Operation Gibraltar fizzled out. Pakistan then launched Operation Grand Slam in September 1965 in Chhamb and Jaurian. The resultant Indian counter-attack saw the focus shift to various other sectors -- Lahore, Barki, Kasur (Khem Karan), Fazilka, Sialkot, and Barmer -- on the international border. With the two air forces getting involved almost immediately, the armed skirmishes turned into a full-scale war.
Much territory was gained -- but returned after the Tashkent Agreement and hence the stalemate.
To return to the present: has India boxed itself into a corner with the QUAD agreement that effectively limits its negotiating space with China on the boundary dispute?
"World War III, for all we know, may have already begun at the end of 2019 (when the pandemic first emerged)," Verma said.
"The struggle for a new World Order has been going on for quite some time and while all eyes at the time were on Taiwan and the South China Sea, the fight is across various genres and is being fought on various continents -- East Africa, South Asia, frankly even on North American soil.
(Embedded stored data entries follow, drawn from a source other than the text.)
(* Let $m\ge 4$ and let $K\ne\Delta_{[m]}$ be a simplicial complex on $[m]$. Then $\mathrm{Bier}(K)$ is chordal if and only if $K$ contains no edges or $K^\vee$ contains no edges.
   Context: A simplicial complex $K$ on $[m]=\{1,\dots,m\}$ is a nonempty family of subsets of $[m]$ closed under taking subsets; an edge is a face of cardinality $2$. $\Delta_{[m]}=2^{[m]}$. Let $[m']=\{1',\dots,m'\}$ be a disjoint copy of $[m]$, $I'=\{i':i\in I\}$. For $K\ne\Delta_{[m]}$ the Alexander dual $K^\vee$ is the complex on $[m']$ with $J'\in K^\vee$ iff $[m]\setminus J\notin K$. The Bier sphere $\mathrm{Bier}(K)$ is the complex on $[m]\sqcup[m']$ with faces $I\sqcup J'$, $I\in K$, $J'\in K^\vee$, $I\cap J=\varnothing$. A graph is chordal if it has no induced cycle of length greater than $3$; a simplicial complex is chordal if its 1-skeleton is a chordal graph. *)

From mathcomp Require Import all_boot.
Set Implicit Arguments. Unset Strict Implicit. Unset Printing Implicit Defensive.

Definition simplicial_complex (T : finType) (K : {set {set T}}) : Prop :=
  K != set0 /\ (forall A B : {set T}, A \in K -> B \subset A -> B \in K).

Definition full_simplex (T : finType) : {set {set T}} := [set: {set T}].

(* Alexander dual: J' in K^v iff [m] \ J notin K.  The copy [m'] is
   represented by the same type 'I_m (used via inr in the Bier sphere). *)
Definition alexander_dual (T : finType) (K : {set {set T}}) : {set {set T}} :=
  [set J | ~: J \notin K].

(* Bier sphere on [m] ⊔ [m'] = T + T: faces I ⊔ J' with I in K, J' in K^v,
   I ∩ J = ∅.  A subset S of T + T is I ⊔ J' with I = S ∩ [m], J = S ∩ [m']. *)
Definition bier (T : finType) (K : {set {set T}}) : {set {set (T + T)}} :=
  [set S : {set (T + T)} |
     [&& [set i | inl i \in S] \in K,
         [set j | inr j \in S] \in alexander_dual K &
         [disjoint [set i | inl i \in S] & [set j | inr j \in S]]]].

Definition has_edge (T : finType) (K : {set {set T}}) : Prop :=
  exists2 A : {set T}, A \in K & #|A| = 2.

Definition skel_adj (T : finType) (K : {set {set T}}) (u v : T) : bool :=
  (u != v) && ([set u; v] \in K).

Definition induced_long_cycle (T : finType) (e : rel T) (k : nat) (f : 'I_k -> T) : Prop :=
  3 < k /\ injective f /\
  (forall i j : 'I_k, e (f i) (f j) = ((val j == (val i).+1 %% k) || (val i == (val j).+1 %% k))).

Definition chordal_graph (T : finType) (e : rel T) : Prop :=
  forall (k : nat) (f : 'I_k -> T), ~ induced_long_cycle e f.

Definition chordal_complex (T : finType) (K : {set {set T}}) : Prop :=
  chordal_graph (skel_adj K).

From mathcomp Require Import all_boot zify.
From Stdlib Require Import Classical.
Set Implicit Arguments. Unset Strict Implicit. Unset Printing Implicit Defensive.

(* In the 1-skeleton of Bier(K), x ~ y iff {x,y} is an edge of K, x' ~ y' iff
   {x,y} is an edge of K^v, i.e. the complement of {x,y} is a nonface of K, and
   x ~ y' iff x <> y (and both are vertices).  If K has no edge, the complement
   of a pair (at least two points, as m >= 4) is a nonface, so the primed
   vertices form a clique and the unprimed ones are independent: Bier(K) is a
   split graph, hence chordal.  The case where K^v has no edge is symmetric.
   Conversely, suppose both have edges.  If some pair {x,y} is an edge of both,
   then x, y, x', y' is an induced square.  Otherwise the complement of every
   edge of K is a face, which forces an edge {p,q} of K^v to meet an edge
   {p,p'} of K in exactly one vertex; any fourth vertex r then yields an
   induced square, either on p, p', q, r or on the primed copies of
   p, q, p', r. *)

Section InducedCycles.
Variables (V : finType) (e : rel V).

Lemma induced_long_cycle_steps k (f : 'I_k -> V) : induced_long_cycle e f ->
  exists v : nat -> V,
    forall n, [/\ e (v n) (v n.+1), ~~ e (v n) (v n.+2) & v n != v n.+2].
Proof.
case=> k_gt3 [f_inj f_adj]; have k_gt0 : 0 < k by lia.
have modS x : (x %% k).+1 %% k = x.+1 %% k by rewrite -addn1 modnDml addn1.
have mod_shift n i j : i < k -> j < k -> (n + i == n + j %[mod k]) = (i == j).
  by move=> ik jk; rewrite eqn_modDl !modn_small.
exists (fun n => f (Ordinal (ltn_pmod n k_gt0))) => n.
rewrite !f_adj (inj_eq f_inj) -val_eqE /= !modS eqxx; split=> //.
  by rewrite -[n.+3]addn3 -[n.+2]addn2 -[n.+1]addn1 -{3}[n]addn0 !mod_shift; lia.
by rewrite -[n.+2]addn2 -{1}[n]addn0 mod_shift; lia.
Qed.

Lemma split_graph_chordal (P : pred V) :
  (forall u w, P u -> P w -> u != w -> e u w) ->
  (forall u w, ~~ P u -> ~~ P w -> ~~ e u w) ->
  chordal_graph e.
Proof.
move=> clique indep k f /induced_long_cycle_steps [v steps].
(* A clique vertex at step n forces clique vertices at the non-adjacent steps
   n+1 and n+3. *)
have P_edge u w : e u w -> P u || P w.
  by apply: contraTT; rewrite negb_or => /andP [Nu Nw]; exact: indep.
have notP n : ~~ P (v n).
  apply/negP=> Pn; have [_ ne02 n02] := steps n.
  have [e12 ne13 n13] := steps n.+1; have [e23 _ _] := steps n.+2.
  have N2 : ~~ P (v n.+2) by apply: contraNN ne02 => P2; exact: clique.
  have P1 : P (v n.+1) by move: (P_edge _ _ e12); rewrite (negbTE N2) orbF.
  have P3 : P (v n.+3) by move: (P_edge _ _ e23); rewrite (negbTE N2).
  by move/negP: ne13; apply; exact: clique.
have [e01 _ _] := steps 0.
by move: (P_edge _ _ e01); rewrite (negbTE (notP 0)) (negbTE (notP 1)).
Qed.

Lemma induced_square_not_chordal v0 v1 v2 v3 :
  symmetric e -> irreflexive e ->
  v0 != v2 -> v1 != v3 ->
  e v0 v1 -> e v1 v2 -> e v2 v3 -> e v3 v0 -> ~~ e v0 v2 -> ~~ e v1 v3 ->
  ~ chordal_graph e.
Proof.
move=> e_sym e_irr n02 n13 e01 e12 e23 e30 ne02 ne13 chordal.
have neq u w : e u w -> u != w by apply: contraTneq => ->; rewrite e_irr.
have uniq_v : uniq [:: v0; v1; v2; v3].
  by rewrite /= !inE !negb_or n02 n13 !neq // e_sym.
apply: (chordal 4 (fun i => nth v0 [:: v0; v1; v2; v3] i)); split=> //; split.
  by move=> i j /eqP; rewrite nth_uniq // => /eqP /val_inj.
move: ne02 ne13 => /negbTE ne02 /negbTE ne13.
by case=> [[|[|[|[|i]]]] Hi] [[|[|[|[|j]]]] Hj] //=;
  rewrite ?e_irr // ?e01 ?e12 ?e23 ?e30 ?ne02 ?ne13 // e_sym
  ?e01 ?e12 ?e23 ?e30 ?ne02 ?ne13.
Qed.

End InducedCycles.

Lemma skel_adj_sym (T : finType) (K : {set {set T}}) : symmetric (skel_adj K).
Proof. by move=> u v; rewrite /skel_adj eq_sym setUC. Qed.

Lemma skel_adj_irr (T : finType) (K : {set {set T}}) : irreflexive (skel_adj K).
Proof. by move=> u; rewrite /skel_adj eqxx. Qed.

Lemma card_setC2 (T : finType) (x y : T) : #|T| - 2 <= #|~: [set x; y]|.
Proof.
have := cardsC [set x; y].
have : #|[set x; y]| <= 2 by rewrite cards2; case: (x != y).
lia.
Qed.

Lemma pair_subset_setC2 (T : finType) (a b c d : T) :
  a != c -> a != d -> b != c -> b != d -> [set a; b] \subset ~: [set c; d].
Proof.
by move=> ac ad bc bd; rewrite subUset !sub1set !inE !negb_or ac ad bc bd.
Qed.

Lemma exists_avoid3 (T : finType) (a b c : T) : 3 < #|T| ->
  exists r, [/\ r != a, r != b & r != c].
Proof.
move=> T_card; have : #|[set a; b; c]| <= 3.
  by rewrite cardsU cards2 cards1; case: (a != b); lia.
move: (cardsC [set a; b; c]) => card_abc le3.
have /card_gt0P [r] : 0 < #|~: [set a; b; c]| by lia.
by rewrite !inE !negb_or => /andP [/andP [ra rb] rc]; exists r.
Qed.

Lemma card_face_le1 (T : finType) (F : {set {set T}}) A :
  simplicial_complex F -> ~ has_edge F -> A \in F -> #|A| <= 1.
Proof.
case=> _ F_down no_edge AF; rewrite leqNgt.
apply/negP => /card_gt1P [a [b [aA bA ab]]].
apply: no_edge; exists [set a; b]; last by rewrite cards2 ab.
by apply: (F_down A); rewrite // subUset !sub1set aA bA.
Qed.

Section BierSphere.
Variables (T : finType) (K : {set {set T}}).
Hypotheses (K_complex : simplicial_complex K) (K_proper : K != full_simplex T).
Hypothesis T_card : 4 <= #|T|.

Let K_down : forall A B : {set T}, A \in K -> B \subset A -> B \in K := K_complex.2.

Lemma set0_in_complex : set0 \in K.
Proof. by case/set0Pn: K_complex.1 => A AK; apply: (K_down AK); apply: sub0set. Qed.

Lemma setT_notin_complex : setT \notin K.
Proof.
apply: contra K_proper => TK; apply/eqP/setP => A.
by rewrite inE (K_down TK) ?subsetT.
Qed.

Lemma alexander_dual_complex : simplicial_complex (alexander_dual K).
Proof.
split; first by apply/set0Pn; exists set0; rewrite inE setC0 setT_notin_complex.
move=> A B; rewrite !inE => AD BA; apply: contra AD => BK.
by apply: (K_down BK); rewrite setCS.
Qed.

Lemma bier_adj_ll x y :
  skel_adj (bier K) (inl x) (inl y) = (x != y) && ([set x; y] \in K).
Proof.
rewrite /skel_adj inE (inj_eq inl_inj).
have -> : [set i | inl i \in ([set inl x; inl y] : {set T + T})] = [set x; y].
  by apply/setP => i; rewrite !inE.
have -> : [set j | inr j \in ([set inl x; inl y] : {set T + T})] = set0.
  by apply/setP => j; rewrite !inE.
by rewrite inE setC0 setT_notin_complex -setI_eq0 setI0 eqxx !andbT.
Qed.

Lemma bier_adj_rr x y :
  skel_adj (bier K) (inr x) (inr y) = (x != y) && (~: [set x; y] \notin K).
Proof.
rewrite /skel_adj inE (inj_eq inr_inj).
have -> : [set i | inl i \in ([set inr x; inr y] : {set T + T})] = set0.
  by apply/setP => i; rewrite !inE.
have -> : [set j | inr j \in ([set inr x; inr y] : {set T + T})] = [set x; y].
  by apply/setP => j; rewrite !inE.
by rewrite inE set0_in_complex -setI_eq0 set0I eqxx andbT.
Qed.

Lemma bier_adj_lr x y :
  skel_adj (bier K) (inl x) (inr y) =
    [&& x != y, [set x] \in K & ~: [set y] \notin K].
Proof.
rewrite /skel_adj inE.
have -> : [set i | inl i \in ([set inl x; inr y] : {set T + T})] = [set x].
  by apply/setP => i; rewrite !inE orbF.
have -> : [set j | inr j \in ([set inl x; inr y] : {set T + T})] = [set y].
  by apply/setP => j; rewrite !inE.
by rewrite inE disjoints1 in_set1 /=; case: (x != y); rewrite ?andbF ?andbT.
Qed.

Lemma pair_in_complex_of_setC2 a b c d : ~: [set c; d] \in K ->
  a != c -> a != d -> b != c -> b != d -> [set a; b] \in K.
Proof. by move=> cdK ac ad bc bd; apply: (K_down cdK); apply: pair_subset_setC2. Qed.

Lemma bier_not_chordal_of_common_edge x y :
  x != y -> [set x; y] \in K -> ~: [set x; y] \notin K -> ~ chordal_complex (bier K).
Proof.
move=> xy xyK xyD.
have [xK yK] : [set x] \in K /\ [set y] \in K.
  by split; apply: (K_down xyK); rewrite sub1set !inE eqxx ?orbT.
have [xD yD] : ~: [set x] \notin K /\ ~: [set y] \notin K.
  by split; apply: contra xyD => /K_down; apply;
    rewrite setCS sub1set !inE eqxx ?orbT.
apply: (@induced_square_not_chordal _ _ (inl x) (inl y) (inr x) (inr y)) => //.
- exact: skel_adj_sym.
- exact: skel_adj_irr.
- by rewrite bier_adj_ll xy.
- by rewrite bier_adj_lr eq_sym xy yK.
- by rewrite bier_adj_rr xy.
- by rewrite skel_adj_sym bier_adj_lr xy xK.
- by rewrite bier_adj_lr eqxx.
- by rewrite bier_adj_lr eqxx.
Qed.

(* The first hypothesis says that no pair is an edge of both K and K^v. *)
Lemma bier_not_chordal_of_dual_edge_meeting_edge p p' q :
  (forall x y, x != y -> [set x; y] \in K -> ~: [set x; y] \in K) ->
  p != p' -> [set p; p'] \in K -> q != p -> q != p' -> ~: [set p; q] \notin K ->
  ~ chordal_complex (bier K).
Proof.
move=> compl_edge pp' pp'K qp qp' pqD.
have [r [rp rp' rq]] := exists_avoid3 p p' q T_card.
have [p'p pq p'q] : [/\ p' != p, p != q & p' != q] by split; rewrite eq_sym.
have [pr p'r qr] : [/\ p != r, p' != r & q != r] by split; rewrite eq_sym.
have pp'C := compl_edge _ _ pp' pp'K.
have pqK : [set p; q] \notin K by apply: contra pqD; exact: compl_edge.
have qrK : [set q; r] \in K by apply: (pair_in_complex_of_setC2 pp'C).
have p'rK : [set p'; r] \notin K.
  by apply: contra pqK => /(compl_edge _ _ p'r) /pair_in_complex_of_setC2; apply.
have [prK | prK] := boolP ([set p; r] \in K).
  have p'qK : [set p'; q] \in K.
    by apply: (pair_in_complex_of_setC2 (compl_edge _ _ pr prK)).
  apply: (@induced_square_not_chordal _ _ (inl p) (inl p') (inl q) (inl r)) => //.
  - exact: skel_adj_sym.
  - exact: skel_adj_irr.
  - by rewrite bier_adj_ll pp'.
  - by rewrite bier_adj_ll p'q.
  - by rewrite bier_adj_ll qr.
  - by rewrite bier_adj_ll rp setUC.
  - by rewrite bier_adj_ll (negbTE pqK) andbF.
  - by rewrite bier_adj_ll (negbTE p'rK) andbF.
have p'qK : [set p'; q] \notin K.
  by apply: contra prK => /(compl_edge _ _ p'q) /pair_in_complex_of_setC2; apply.
apply: (@induced_square_not_chordal _ _ (inr p) (inr q) (inr p') (inr r)) => //.
- exact: skel_adj_sym.
- exact: skel_adj_irr.
- by rewrite bier_adj_rr pq.
- by rewrite bier_adj_rr qp'; apply: contra prK => /pair_in_complex_of_setC2; apply.
- by rewrite bier_adj_rr p'r; apply: contra pqK => /pair_in_complex_of_setC2; apply.
- by rewrite bier_adj_rr rp; apply: contra p'qK => /pair_in_complex_of_setC2; apply.
- by rewrite bier_adj_rr pp'C andbF.
- by rewrite bier_adj_rr (compl_edge _ _ qr qrK) andbF.
Qed.

Lemma bier_not_chordal_of_edges :
  has_edge K -> has_edge (alexander_dual K) -> ~ chordal_complex (bier K).
Proof.
case=> A abK /eqP /cards2P [a [b [ab eqA]]]; subst A.
case=> B + /eqP /cards2P [c [d [cd eqB]]]; subst B; rewrite inE => cdD.
have [[x [y [xy xyK xyD]]] | no_common] := classic
  (exists x y, [/\ x != y, [set x; y] \in K & ~: [set x; y] \notin K]).
  exact: bier_not_chordal_of_common_edge xy xyK xyD.
have compl_edge x y : x != y -> [set x; y] \in K -> ~: [set x; y] \in K.
  by move=> xy xyK; apply/negPn/negP => xyD; apply: no_common; exists x, y.
have cdK : [set c; d] \notin K by apply: contra cdD; exact: compl_edge.
have meet : (c \in [set a; b]) || (d \in [set a; b]).
  apply/negPn/negP; rewrite negb_or !inE !negb_or.
  move=> /andP [/andP [ca cb] /andP [da db]].
  by move/negP: cdK; apply; apply: (pair_in_complex_of_setC2 (compl_edge _ _ ab abK)).
wlog cab : c d cd cdD cdK {meet} / c \in [set a; b].
  move=> wlog_c; case/orP: meet => [|dab]; first exact: (wlog_c c d).
  by apply: (wlog_c d c); rewrite // 1?eq_sym 1?setUC.
wlog ca : a b ab abK {cab} / c = a.
  move=> wlog_a; move: cab; rewrite !inE => /orP [/eqP|/eqP cb].
    exact: (wlog_a a b).
  by apply: (wlog_a b a); rewrite // 1?eq_sym 1?setUC.
subst c.
apply: (bier_not_chordal_of_dual_edge_meeting_edge (q := d) compl_edge ab abK) => //.
  by rewrite eq_sym.
by apply: contraNneq cdK => ->.
Qed.

Lemma bier_chordal_of_no_edge : ~ has_edge K -> chordal_complex (bier K).
Proof.
move=> no_edge.
apply: (@split_graph_chordal _ _ (fun v => if v is inr _ then true else false)).
  move=> [x|x] [y|y] //= _ _; rewrite (inj_eq inr_inj) bier_adj_rr => -> /=.
  apply/negP => /(card_face_le1 K_complex no_edge); have := card_setC2 x y; lia.
move=> [x|x] [y|y] //= _ _; rewrite bier_adj_ll; apply/negP => /andP [xy xyK].
by apply: no_edge; exists [set x; y]; rewrite // cards2 xy.
Qed.

Lemma bier_chordal_of_no_dual_edge :
  ~ has_edge (alexander_dual K) -> chordal_complex (bier K).
Proof.
move=> no_edge.
apply: (@split_graph_chordal _ _ (fun v => if v is inl _ then true else false)).
  move=> [x|x] [y|y] //= _ _; rewrite (inj_eq inl_inj) bier_adj_ll => -> /=.
  apply/negPn/negP => xyK; have := card_setC2 x y.
  have := card_face_le1 (A := ~: [set x; y]) alexander_dual_complex no_edge.
  by rewrite inE setCK xyK => /(_ isT); lia.
move=> [x|x] [y|y] //= _ _; rewrite bier_adj_rr; apply/negP => /andP [xy xyD].
by apply: no_edge; exists [set x; y]; rewrite ?inE // cards2 xy.
Qed.

End BierSphere.

Theorem mainTheorem14 (m : nat) (K : {set {set 'I_m}}) :
  4 <= m -> simplicial_complex K -> K != full_simplex 'I_m ->
  (chordal_complex (bier K) <-> (~ has_edge K \/ ~ has_edge (alexander_dual K))).
Proof.
move=> m_ge4 K_complex K_proper; have T_card : 3 < #|'I_m| by rewrite card_ord.
split=> [chordal | [no_edge | no_dual_edge]].
- have [edgeK | no_edgeK] := classic (has_edge K); last by left.
  right=> edgeD.
  exact: (bier_not_chordal_of_edges K_complex K_proper T_card edgeK edgeD chordal).
- exact: bier_chordal_of_no_edge.
- exact: bier_chordal_of_no_dual_edge.
Qed.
"QUAD is fine up to a point but India, despite its actual land proximity and dominating position in the Indian Ocean, is a junior partner to the US. Historically, no one, absolutely no one, has ever got into bed with the Yanks without getting sold down the river. In any case, India has to eventually walk alone–fall back on Tagore's famous poem -- Ekla Chalo Re! Just make sure you carry a big stick... that's all," Verma concluded.